(* Let $\tilde Q=\|q_{ik}\|$ define a $\tilde Q$-expansion of $[0,1]$ with $\inf_{i,k}q_{ik}=q_{\min}>0$, and let $\varPhi$ be the family of its cylindric intervals (interiors of cylinders of all ranks). Then $\varPhi$ is faithful for packing dimension calculation: $\dim_P(E,\varPhi)=\dim_{P(\mathit{unc})}(E)$ for every $E\subset[0,1]$.
   Context: $\tilde Q$-expansion: integers $N_k\ge2$, $q_{ik}>0$ for $k\in\mathbb N$, $i\in\{0,\dots,N_k-1\}$, $\sum_iq_{ik}=1$, $\prod_k\max_iq_{ik}=0$; with $\beta_{ik}=\sum_{l<i}q_{lk}$ each $x\in[0,1]$ is written $x=\sum_k\beta_{a_kk}\prod_{j<k}q_{a_jj}$. The rank-$n$ cylinder $\varDelta_{c_1\dots c_n}$ is the set of $x$ with $a_j(x)=c_j$ for $j\le n$; it is a closed interval of length $\prod_{j\le n}q_{c_jj}$. In $\mathbb R$ with $|A|$ = length: an uncentered $\varepsilon$-packing of $E$ is a countable family of pairwise disjoint open intervals of length $\le\varepsilon$ each meeting $E$; $\mathcal P^\alpha_{\varepsilon(\mathit{unc})}(E)=\sup\sum|E_i|^\alpha$ over these, $\mathcal P^\alpha_{0(\mathit{unc})}=\lim_{\varepsilon\to0}$, $\mathcal P^\alpha_{(\mathit{unc})}(E)=\inf\{\sum_j\mathcal P^\alpha_{0(\mathit{unc})}(E_j):E\subset\bigcup E_j\}$, $\dim_{P(\mathit{unc})}(E)=\inf\{\alpha:\mathcal P^\alpha_{(\mathit{unc})}(E)=0\}$; $\dim_P(E,\varPhi)$ is defined the same way using only packings by intervals from $\varPhi$. *)

From HB Require Import structures.
From mathcomp Require Import all_boot all_order all_algebra.
From mathcomp Require Import all_classical all_reals all_analysis.
Set Implicit Arguments. Unset Strict Implicit. Unset Printing Implicit Defensive.
Import Order.TTheory GRing.Theory Num.Theory.
Import numFieldNormedType.Exports.
Local Open Scope classical_set_scope.
Local Open Scope ring_scope.

Section Packing.
Variable R : realType.

Definition oitv (I : R * R) : set R := [set x | I.1 < x < I.2].
Definition itv_len (I : R * R) : R := I.2 - I.1.

(** A countable family of open intervals is given by a sequence [I] of
    endpoint pairs together with the selector [J] of the indices actually
    used (so finite and countably infinite families are both covered).
    [adm] restricts which intervals may be used: [setT] gives the
    uncentered packings, a family [Phi] gives packings by intervals from Phi. *)
Definition packing (adm : set (set R)) (eps : R) (E : set R)
    (J : nat -> bool) (I : nat -> R * R) : Prop :=
  [/\ (forall i, J i -> adm (oitv (I i))),
      (forall i, J i -> itv_len (I i) <= eps),
      (forall i, J i -> oitv (I i) `&` E !=set0) &
      (forall i j, J i -> J j -> i <> j -> oitv (I i) `&` oitv (I j) = set0)].

Definition packing_pre (adm : set (set R)) (alpha eps : R) (E : set R) : \bar R :=
  ereal_sup [set s | exists J I, packing adm eps E J I /\
                     s = (\sum_(i <oo | J i) ((itv_len (I i)) `^ alpha)%:E)%E].

(** P^alpha_0(E) = lim_{eps -> 0+} P^alpha_eps(E); since P^alpha_eps(E) is
    nondecreasing in eps, this limit is the infimum over eps > 0. *)
Definition packing0 (adm : set (set R)) (alpha : R) (E : set R) : \bar R :=
  ereal_inf [set packing_pre adm alpha eps E | eps in [set e : R | 0 < e]].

.....

• **Instructions for the task**
Using the records above, write out exactly the lines between the one holding "uncentered packings, a" and the one holding "ereal_sup [set s", inclusive; leave everything else out.

• **Response for this exercise**
    uncentered packings, a family [Phi] gives packings by intervals from Phi. *)
Definition packing (adm : set (set R)) (eps : R) (E : set R)
    (J : nat -> bool) (I : nat -> R * R) : Prop :=
  [/\ (forall i, J i -> adm (oitv (I i))),
      (forall i, J i -> itv_len (I i) <= eps),
      (forall i, J i -> oitv (I i) `&` E !=set0) &
      (forall i j, J i -> J j -> i <> j -> oitv (I i) `&` oitv (I j) = set0)].

Definition packing_pre (adm : set (set R)) (alpha eps : R) (E : set R) : \bar R :=
  ereal_sup [set s | exists J I, packing adm eps E J I /\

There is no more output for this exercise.